In the downstream portion of the genome, there was evidence of multiple recombination events between the AIBV and TCoV lineages. Although AIBV-like in the upstream genes from 1a though Env, Peafowl/GD/KQ6/2006 (AY641576) and Mass 41 (AY851295) showed a close resemblance to TCoV in the M gene (Fig. 3A). Similarly, the N gene of the AIBV isolate CK/CH/LSD/05I (EU637854) was less than 1% different from that of the TCoV isolate TCoV/TX-GL/01 (GQ427174) but nearly two orders of magnitude more divergent from a typical AIBV N gene (Fig. 3B). These results imply that there have been recent recombination events, causing near-homogenization of certain genomic regions between genomes that continue to differ markedly in the S gene. Moreover, the occurrence of such events suggests an important role for recombination in homogenizing non-S portions of the genome between the AIBV and TCoV lineages.

In their present niches in the agricultural ecosystem, AIBV and TCoV infect different host species and different organ systems within those hosts. Under these circumstances, it seems unlikely that the two viruses have opportunities for recombination. However, the hypothesis proposed here does not require recombination at the present time, but only recombination in the evolutionary past between the lineage that gave rise to AIBV and the lineage that gave rise to TCoV. The history of these viruses prior to their appearance as agricultural pathogens is unknown, but recent analyses of viruses infecting wild birds suggest that AIBV and TCoV represent just the tip of the iceberg of a vast assemblage of avian coronaviruses awaiting discovery and characterization [2931]. Moreover, individual bird species may be infected by a number of distinct coronaviruses [2931], as would be required for recombination between different viral lineages.

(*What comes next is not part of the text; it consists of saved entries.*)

(* There exists a deterministic Guesser (using no randomness at all) with $\log^2 n + \log n$ bits of memory whose expected number of correct guesses, when playing the card guessing game against the random-shuffle Dealer, is at least $\frac12 \log n$.
   Context: Card guessing game: a deck consists of $n$ distinct cards labeled $1,\dots,n$ and the game lasts $n$ turns. In each turn the Dealer selects a card from the cards still in the deck and places it face down; the Guesser then names a card of $[n]$ (her guess); the card is revealed and discarded from the deck. A guess is correct if it equals the drawn card; the score is the number of correct guesses. A Guesser with $m$ bits of memory keeps a memory state in $\{0,1\}^m$ between turns and consists of a guessing function (mapping the memory state to a guess) and a state-transition function (mapping the memory state and the revealed card to a new memory state). The random-shuffle Dealer arranges the deck according to a uniformly random permutation and draws the cards in that order. Logarithms $\log$ are base 2. *)

From HB Require Import structures.
From mathcomp Require Import all_boot all_order all_fingroup all_algebra.
From mathcomp Require Import all_classical all_reals exp.
Set Implicit Arguments. Unset Strict Implicit. Unset Printing Implicit Defensive.
Import Order.TTheory GRing.Theory Num.Theory.
Local Open Scope ring_scope.

Definition log2 {R : realType} (x : R) : R := ln x / ln 2.

Definition mstate (m : nat) := {ffun 'I_m -> bool}.

(* A deterministic Guesser with m bits of memory for the n-card game:
   an initial memory state, a guessing function and a state-transition
   function. Cards 1..n are represented by 'I_n. *)
Record guesser (n m : nat) := Guesser {
  g_init  : mstate m;
  g_guess : mstate m -> 'I_n;
  g_trans : mstate m -> 'I_n -> mstate m
}.

Fixpoint play_score (n m : nat) (G : guesser n m) (s : mstate m)
    (cards : seq 'I_n) : nat :=
  match cards with
  | [::] => 0%N
  | c :: cs => ((g_guess G s == c) + play_score G (g_trans G s c) cs)%N
  end.

Definition score (n m : nat) (G : guesser n m) (sigma : {perm 'I_n}) : nat :=
  play_score G (g_init G) [seq sigma i | i <- enum 'I_n].

Definition expected_score {R : realType} (n m : nat) (G : guesser n m) : R :=
  (\sum_(sigma : {perm 'I_n}) (score G sigma)%:R) / (#|{perm 'I_n}|)%:R.

(* For each level i < L = trunc_log 2 n the Guesser keeps, modulo 2^(i+1), the
   number and the sum of the cards seen so far in the block [0, 2^(i+1)): 2(i+1)
   bits per level, L(L+1) bits in all.  When the count at some level is
   2^(i+1) - 1, exactly one card of that block is still in the deck and the sum
   identifies it, so the Guesser names it.  As the blocks are nested, this guess
   is right whenever the drawn card c is the last card of its own block
   [0, 2^(level c)) to appear, which under a uniform shuffle has probability at
   least 2^-(level c).  Summing over c < 2^L gives an expected score of at least
   (L + 1)/2 >= (log n)/2. *)

From mathcomp Require Import all_boot all_order all_fingroup all_algebra.
From mathcomp Require Import reals exp.
From mathcomp Require Import zify ring lra.
Set Implicit Arguments. Unset Strict Implicit. Unset Printing Implicit Defensive.
Import Order.TTheory GRing.Theory Num.Theory.

Section CardEncoding.
Variables (A B : finType) (eqAB : #|A| = #|B|).

Definition card_enc (a : A) : B := enum_val (cast_ord eqAB (enum_rank a)).
Definition card_dec (b : B) : A := enum_val (cast_ord (esym eqAB) (enum_rank b)).

Lemma card_encK : cancel card_enc card_dec.
Proof. by move=> a; rewrite /card_dec /card_enc enum_valK cast_ordK enum_rankK. Qed.

End CardEncoding.

Fixpoint machine_score (C : eqType) (T : Type) (guess : T -> C) (trans : T -> C -> T)
    (s : T) (cs : seq C) : nat :=
  if cs is c :: cs' then ((guess s == c) + machine_score guess trans (trans s c) cs')%N
  else 0%N.

Section SetTracking.
Variables (C : finType) (T : Type) (guess : T -> C) (trans : T -> C -> T).
Variable track : {set C} -> T.
Hypothesis trans_track :
  forall (X : {set C}) c, c \notin X -> trans (track X) c = track (c |: X).

Lemma machine_score_track (X : {set C}) cs : uniq cs -> {in cs, forall c, c \notin X} ->
  machine_score guess trans (track X) cs =
  (\sum_(c <- cs) (guess (track (X :|: [set x in take (index c cs) cs])) == c))%N.
Proof.
elim: cs X => [|c cs IH] X; first by rewrite big_nil.
move=> /= /andP[ccs ucs] csX; rewrite big_cons /= eqxx take0 setU0.
rewrite trans_track ?csX ?mem_head // IH //; last first.
  move=> x xcs; rewrite in_setU1 negb_or csX ?inE ?xcs ?orbT // andbT.
  by apply: contraNneq ccs => <-.
congr addn; apply: eq_big_seq => x xcs.
have -> : (c == x) = false by apply: contraNF ccs => /eqP ->.
by rewrite /= set_cons setUCA setUA.
Qed.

A phylogenetic analysis of S proteins of coronaviruses of birds and mammals (Fig. 5) supported the hypothesis that the S proteins of AIBV and TCoV are closely related and that these two viruses belong to a clade of avian-specific coronaviruses. The fact that the S proteins of these two viruses clustered together in the phylogenetic tree provides evidence against the hypothesis that either of the two viruses obtained its S protein from a widely divergent coronavirus. The close phylogenetic relationship of AIBV and TCoV is consistent with the hypothesis that their ancestors shared hosts during their evolutionary history and thus with the hypothesis of recombination between these two coronavirus lineages.